Posted in Short Stories

Hemingway’s “The Killers”

“The Killers” could also be called “The Further Adventures of Nick Adams”.  As with Ernest Hemingway’s other Nick Adams stories, the reader gets the idea there is more to the story than just what happens in this one.  Since Hemingway wrote a number of stories revolving around Nick Adams, they would be right.  At least by me, it’s been difficult to put any of the stories together.  Perhaps that wasn’t the intention.

This story has Nick sitting at a lunch-counter when two apparent thugs walk in and sit down.  Problems ensue as the thugs, who I imagine looking like Joe Pesci (particularly the Joe Pesci in Good Fellas), make known their plan to kill one of the regular customers.  When this regular customer does not show up, they move on.

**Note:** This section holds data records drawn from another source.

(* Let $(M,d)$ be a complete metric space and $X\subseteq M$ compact. Assume that every $\mu\in P(X)$ admits a barycenter in $M$, and that $conv(X)$ is compact. Assume moreover that at least one variance maximizing probability measure $\mu\in P(X)$ (i.e. a maximizer of $Var$ over $P(X)$) has a unique barycenter. Then the circumradius of $X$ in $M$ equals the circumradius of $i(X)$ in $(P(M),W_2)$.
   Context: $P(\cdot)$ denotes Borel probability measures. $Var(\mu)=\inf_{y\in M}\int_X d^2(x,y)\,d\mu(x)$, and a barycenter of $\mu$ is a point of $M$ attaining this infimum; $conv(X)$ is the set of all barycenters of measures in $P(X)$. The circumradius of $X$ in $M$ is $\inf_{y\in M}\sup_{x\in X}d(x,y)$. $W_2$ is the Wasserstein distance on $P(M)$, with $W_2^2(\delta_x,\nu)=\int_M d^2(x,y)\,d\nu(y)$; $i(x)=\delta_x$, and the circumradius of $i(X)$ is $\inf_{\nu\in P(M)}\sup_{x\in X}W_2(\delta_x,\nu)$. *)

From HB Require Import structures.
From mathcomp Require Import all_boot all_order all_algebra.
From mathcomp Require Import all_classical all_reals all_analysis.
Set Implicit Arguments. Unset Strict Implicit. Unset Printing Implicit Defensive.
Import Order.TTheory GRing.Theory Num.Theory.
Local Open Scope classical_set_scope.
Local Open Scope ring_scope.

Notation borel T := (g_sigma_algebraType (@open T)).

(* Metric spaces equipped with a distinguished point (needed by the library to
   build the Borel sigma-algebra; harmless here since the hypotheses force
   X, hence M, to be nonempty). *)
#[short(type="pointedMetricType")]
HB.structure Definition PointedMetric (K : numDomainType) :=
  { M of Pointed M & Metric K M }.

Section barycenters.
Context {R : realType} {M : pointedMetricType R}.
Local Open Scope ereal_scope.

Definition complete_metric :=
  forall F : set_system M, ProperFilter F -> cauchy F -> exists x : M, F --> x.

Notation PM := (probability (borel M) R).

Definition in_PX (X : set M) (mu : PM) : Prop := mu X = 1.

Definition sqdist_int (X : set M) (mu : PM) (y : M) : \bar R :=
  \int[mu]_(x in X) ((mdist (x : M) y) ^+ 2)%:E.

Definition Var_bary (X : set M) (mu : PM) : \bar R :=
  ereal_inf (range (sqdist_int X mu)).

Definition is_bary (X : set M) (mu : PM) (y : M) : Prop :=
  sqdist_int X mu y = Var_bary X mu.

Definition conv_bary (X : set M) : set M :=
  [set y | exists mu : PM, in_PX X mu /\ is_bary X mu y].

Definition circumradius (X : set M) : \bar R :=
  ereal_inf (range (fun y : M => ereal_sup [set (mdist x y)%:E | x in X])).

(* W_2(delta_x, nu) = sqrt (\int_M d^2(x,y) dnu(y)) *)
Definition W2_dirac (x : M) (nu : PM) : \bar R :=
  sqrte (\int[nu]_y ((mdist x (y : M)) ^+ 2)%:E).

Definition circumradius_iX (X : set M) : \bar R :=
  ereal_inf (range (fun nu : PM => ereal_sup [set W2_dirac x nu | x in X])).

End barycenters.

(* Dirac masses give circumradius(i(X)) <= circumradius(X), since
   W_2(delta_x, delta_y) = d(x, y).  Conversely, let m maximize Var over P(X),
   with unique barycenter b, and let x0 be in X.  A barycenter y of
   (1 - t) m + t delta_x0 satisfies (1 - t) int d^2(., y) dm + t d^2(x0, y)
   <= Var m <= int d^2(., y) dm, hence d^2(x0, y) <= Var m.  As t -> 0 these
   barycenters cluster in the compact set conv(X) at a barycenter of m, that is
   at b; so d(x0, b)^2 <= Var m for all x0 in X.  Finally, if
   W_2(delta_x, nu) <= s on X, then Var m <= int int d^2(x, y) dm(x) dnu(y)
   <= s^2; this is proved without Fubini by replacing m with its
   discretization on a finite e-net of X. *)

From HB Require Import structures.
From mathcomp Require Import all_boot all_order all_algebra.
From mathcomp Require Import all_classical all_reals all_analysis.
From mathcomp Require Import ring lra measurable_realfun.
Import Order.TTheory GRing.Theory Num.Theory.
Import numFieldTopology.Exports.
Local Open Scope classical_set_scope.
Local Open Scope ring_scope.

Section borel_measurability.
Context {T : ptopologicalType}.

Lemma open_borel (A : set T) : open A -> measurable (A : set (borel T)).
Proof. exact: sub_sigma_algebra. Qed.

Lemma closed_borel (A : set T) : closed A -> measurable (A : set (borel T)).
Proof.
move=> cA; rewrite -(setCK A); apply: measurableC.
by apply: open_borel; exact: closed_openC.
Qed.

Lemma continuous_borel_measurable {R : realType} (f : T -> R) (D : set T) :
  measurable (D : set (borel T)) -> continuous f ->
  @measurable_fun _ _ (borel T) R D f.
Proof.
move=> mD /continuousP cf.
apply: (measurability _ (RGenOpens.measurableE R)) => _ [_ [a [b ->]] <-].
by apply: measurableI => //; apply: open_borel; apply: cf; exact: interval_open.
Qed.

Lemma compact_borel (A : set T) : hausdorff_space T -> compact A ->
  measurable (A : set (borel T)).
Proof. by move=> hT cA; apply: closed_borel; exact: compact_closed. Qed.

End borel_measurability.

Section real_inequalities.
Context {R : realType}.

Lemma sqr_le_shift (a' a e : R) : 0 <= a' -> 0 <= a -> 0 <= e -> a' <= a + e ->
  a' ^+ 2 <= (1 + e) * a ^+ 2 + (e + e ^+ 2).
Proof.
move=> a'0 a0 e0 h.
have h1 : a' ^+ 2 <= (a + e) ^+ 2 by rewrite ler_pXn2r// ?nnegrE// addr_ge0.
have h2 : 2 * a <= a ^+ 2 + 1 by have := sqr_ge0 (a - 1); rewrite !expr2; nra.
apply: (le_trans h1); rewrite !expr2 in h2 *; nra.
Qed.

Lemma ler_add_small_mulr (a v c : R) : 0 <= c ->
  (forall d, 0 < d -> d <= 1 -> a <= v + d * c) -> a <= v.
Proof.
move=> c0 h; apply/ler_addgt0Pr => e e0.
pose d := Num.min 1 (e / (c + 1)).
have c10 : 0 < c + 1 by rewrite ltr_wpDl.
have d0 : 0 < d by rewrite lt_min ltr01 divr_gt0.
have d1 : d <= 1 by rewrite ge_min lexx.
apply: (le_trans (h d d0 d1)); rewrite lerD2l.
have : d <= e / (c + 1) by rewrite ge_min lexx orbT.
rewrite ler_pdivlMr// => hd; apply: le_trans hd.
by rewrite mulrDr mulr1 lerDl ltW.
Qed.

Lemma ler_add_of_1Binv_mul_le (a v e : R) (n : nat) : 0 <= v -> 0 < e ->
  v / e < n%:R -> (1 - n.+2%:R^-1) * a <= v -> a <= v + e.
Proof.
have N0 : 0 <= n%:R :> R by [].
have N2 : 0 < n%:R + 2 :> R by rewrite ltr_wpDl.
have -> : 1 - n.+2%:R^-1 = (n%:R + 1) / (n%:R + 2) :> R.
  by rewrite -[n.+2]addn2 natrD; field; rewrite lt0r_neq0.
move=> v0 e0; rewrite ltr_pdivrMr// mulrAC ler_pdivrMr// => vn ha.
rewrite -(@ler_pM2l _ (n%:R + 1)) ?ltr_wpDl//; nra.
Qed.

End real_inequalities.

Section metric_topology.
Context {R : realType} {M : metricType R}.
Local Notation dist := (@mdist R M).

Lemma ler_norm_mdistB x y z : `|dist x y - dist z y| <= dist x z.
Proof.
have := metric_triangle z x y; have := metric_triangle x z y.
rewrite (metric_sym z x) ler_norml => h1 h2.
by apply/andP; split; lra.
Qed.

Lemma continuous_mdistl y : continuous (dist ^~ y).
Proof.
move=> x; apply/cvgrPdist_lt => e e0.
apply: filterS (nbhsx_ballx x e e0) => z; rewrite ballEmdist /=.
exact: le_lt_trans (ler_norm_mdistB x y z).
Qed.

Lemma continuous_mdistr x : continuous (dist x).
Proof.
have -> : dist x = dist ^~ x by apply/funext => y; rewrite metric_sym.
exact: continuous_mdistl.
Qed.

Lemma open_mball x e : open [set y | dist x y < e].
Proof. exact: (proj1 (continuousP _) (continuous_mdistr x) _ (@open_lt R e)). Qed.

Lemma compact_mdist_bounded {X : set M} y : compact X ->
  exists B, forall x, X x -> dist x y <= B.
Proof.
move=> cX.
have cdX : compact (dist ^~ y @` X).
  apply: continuous_compact => //.
  by apply: continuous_subspaceT => x; exact: continuous_mdistl.
have [B hB] := @filter_ex _ (pinfty_nbhs R) _ _ (compact_bounded cdX).
exists B => x Xx.
exact: le_trans (ler_norm _) (hB _ (ex_intro2 _ _ x Xx erefl)).
Qed.

Lemma mdist_sqr_shift x y z e : 0 < e -> dist y z < e ->
  dist x z ^+ 2 <= (1 + e) * dist x y ^+ 2 + (e + e ^+ 2).
Proof.
move=> e0 yz; apply: sqr_le_shift; rewrite ?mdist_ge0 ?(ltW e0)//.
by apply: le_trans (metric_triangle x y z) _; rewrite lerD2l ltW.
Qed.

Lemma cluster_seq_ball {y : nat -> M} {y0} : cluster (y @ \oo) y0 ->
  forall P : nat -> Prop, (\forall n \near \oo, P n) ->
  forall e, 0 < e -> exists n, P n /\ dist y0 (y n) < e.
Proof.
move=> cl P hP e e0.
have [_ [[n Pn <-] yn]] := cl (y @` P) (ball y0 e)
  (filterS (fun n Pn => ex_intro2 _ _ n Pn erefl) hP) (nbhsx_ballx y0 e e0).
by exists n; rewrite ballEmdist in yn.
Qed.

Lemma cluster_le_of_lsc (g : M -> R) (y : nat -> M) y0 c : 0 <= c ->
  cluster (y @ \oo) y0 ->
  (forall e, 0 < e -> \forall n \near \oo, g (y n) <= c + e) ->
  (forall z e, 0 < e -> dist z y0 < e -> g y0 <= (1 + e) * g z + (e + e ^+ 2)) ->
  g y0 <= c.
Proof.
move=> c0 cl gc lsc; apply: (@ler_add_small_mulr _ _ _ (c + 4)) => [|e e0 e1].
  by rewrite addr_ge0.
have [n [gn yn]] := cluster_seq_ball cl _ (gc e e0) _ e0.
rewrite metric_sym in yn; have := lsc _ _ e0 yn; rewrite expr2; nra.
Qed.

End metric_topology.

Section mixture.
Context {R : realType} {d} {T : measurableType d}.
Variables (mu nu : probability T R) (t : R) (t0 : 0 <= t) (t1 : t <= 1).

Let t1' : 0 <= 1 - t. Proof. by rewrite subr_ge0. Qed.

Definition mix_prob := measure_add (mscale (NngNum t1') mu) (mscale (NngNum t0) nu).

HB.instance Definition _ := Measure.on mix_prob.

Lemma mix_probE A : mix_prob A = ((1 - t)%:E * mu A + t%:E * nu A)%E.
Proof. by rewrite /mix_prob measure_addE. Qed.

Let mix_probT : mix_prob setT = 1%E.
Proof. by rewrite mix_probE !probability_setT !mule1 -EFinD subrK. Qed.

HB.instance Definition _ := Measure_isProbability.Build _ _ _ mix_prob mix_probT.

Lemma ge0_integral_mix_prob (D : set T) (f : T -> \bar R) : measurable D ->
  (forall x, D x -> 0 <= f x)%E -> measurable_fun D f ->
  (\int[mix_prob]_(x in D) f x =
    (1 - t)%:E * \int[mu]_(x in D) f x + t%:E * \int[nu]_(x in D) f x)%E.
Proof.
move=> mD f0 mf; rewrite ge0_integral_measure_add//.
by rewrite !ge0_integral_mscale.
Qed.

End mixture.
Arguments mix_prob {R d T} mu nu {t} t0 t1.

Section integrals.
Context {R : realType} {d} {T : measurableType d}.
Local Open Scope ereal_scope.

Lemma ge0_integral_affine (mu : {measure set T -> \bar R}) (D : set T)
    (h : T -> R) (a b : R) :
  measurable D -> measurable_fun D h -> (forall x, D x -> (0 <= h x)%R) ->
  (0 <= a)%R -> (0 <= b)%R ->
  \int[mu]_(x in D) (a * h x + b)%:E = a%:E * \int[mu]_(x in D) (h x)%:E + b%:E * mu D.
Proof.
move=> mD mh h0 a0 b0.
under eq_integral do rewrite EFinD EFinM.
rewrite ge0_integralD//; last 2 first.
- by move=> x Dx; rewrite lee_fin mulr_ge0// h0.
- by apply: measurable_funeM; exact/measurable_EFinP.
by rewrite ge0_integralZl_EFin//; [rewrite integral_cst | exact/measurable_EFinP].
Qed.

Lemma sum_indic_uniq {I : finType} {A : I -> set T} (a : I -> R) {x j} :
  (forall i, (x \in A i) = (i == j)) -> (\sum_i \1_(A i) x * a i)%R = a j.
Proof.
move=> h; rewrite (bigD1 j)//= big1 ?addr0; first by rewrite indicE h eqxx mul1r.
by move=> i ij; rewrite indicE h (negbTE ij) mul0r.
Qed.

Lemma integral_sum_indic (mu : {finite_measure set T -> \bar R}) {D : set T}
    {I : finType} {A : I -> set T} (a : I -> R) :
  measurable D -> (forall i, measurable (A i)) -> (forall i, 0 <= a i)%R ->
  \int[mu]_(x in D) (\sum_i \1_(A i) x * a i)%:E =
    (\sum_i fine (mu (A i `&` D)) * a i)%:E.
Proof.
move=> mD mA a0; under eq_integral do rewrite -sumEFin.
have mind i : measurable_fun D (fun x => \1_(A i) x * a i)%R.
  by apply: measurable_funM => //; exact: measurable_indic.
rewrite ge0_integral_sum//; last 2 first.
- by move=> i; exact/measurable_EFinP.
- by move=> i x _; rewrite lee_fin mulr_ge0.
rewrite -sumEFin; apply: eq_bigr => i _.
under eq_integral do rewrite EFinM muleC.
rewrite ge0_integralZl_EFin//; last first.
  exact/measurable_EFinP/measurable_indic.
rewrite integral_indic// EFinM fineK ?fin_num_measure//; first exact: muleC.
exact: measurableI.
Qed.

Lemma ge0_integral_convex_comb_le (mu : {measure set T -> \bar R}) {D : set T}
    {n} {p : 'I_n -> R} {g : 'I_n -> T -> R} {K : R} :
  measurable D -> (forall i, 0 <= p i)%R -> (\sum_i p i = 1)%R ->
  (forall i, measurable_fun D (g i)) -> (forall i x, D x -> 0 <= g i x)%R ->
  (forall i, \int[mu]_(x in D) (g i x)%:E <= K%:E) ->
  \int[mu]_(x in D) (\sum_i p i * g i x)%:E <= K%:E.
Proof.
move=> mD p0 p1 mg g0 gK; under eq_integral do rewrite -sumEFin.
rewrite ge0_integral_sum//; last 2 first.
- by move=> i; apply/measurable_EFinP; exact: measurable_funM.
- by move=> i x Dx; rewrite lee_fin mulr_ge0// g0.
apply: (@le_trans _ _ (\sum_i (p i * K)%:E)); last first.
  by rewrite sumEFin -mulr_suml p1 mul1r.
apply: lee_sum => i _; under eq_integral do rewrite EFinM.
rewrite ge0_integralZl_EFin//; last 2 first.
- by move=> x Dx; rewrite lee_fin g0.
- exact/measurable_EFinP.
by rewrite EFinM lee_wpmul2l// lee_fin.
Qed.

Lemma le_integral_probability (P : probability T R) (v : R) (h : T -> R) :
  measurable_fun setT h -> (0 <= v)%R -> (forall x, v <= h x)%R ->
  v%:E <= \int[P]_x (h x)%:E.
Proof.
move=> mh v0 vh.
rewrite -[v%:E]mule1 -(probability_setT P) -integral_cst//.
apply: ge0_le_integral => //=; first exact/measurable_EFinP.
by move=> x _; rewrite lee_fin.
Qed.

End integrals.

Section variance.
Context {R : realType} {M : pointedMetricType R}.
Local Notation dist := (@mdist R M).
Local Notation PM := (probability (borel M) R).
Local Notation dirac_at x := (@dirac _ (borel M) x R).
Variable X : set M.
Local Open Scope ereal_scope.

Lemma measurable_mdist_sqrl y (D : set M) : measurable (D : set (borel M)) ->
  @measurable_fun _ _ (borel M) R D (fun x => dist x y ^+ 2)%R.
Proof.
move=> mD; apply: measurable_funX.
by apply: continuous_borel_measurable => //; exact: continuous_mdistl.
Qed.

Nick takes a walk over to the apartment of this regular customer, Ole Andreson.  A former boxer, Andreson’s life seems to have taken a turn for the worse.  The reader never gets to know the details of what “went down” between Anderson and the thugs.  Hemingway focuses on Andreson’s loss of dignity rather than what he specifically did to warrant the thugs to want to kill him.

The conversation at the lunch-counter has the tone of a black and white movie, maybe one starring Humphrey Bogart, but I’m not sure whom he would portray- George, the lunch-counter manager, perhaps?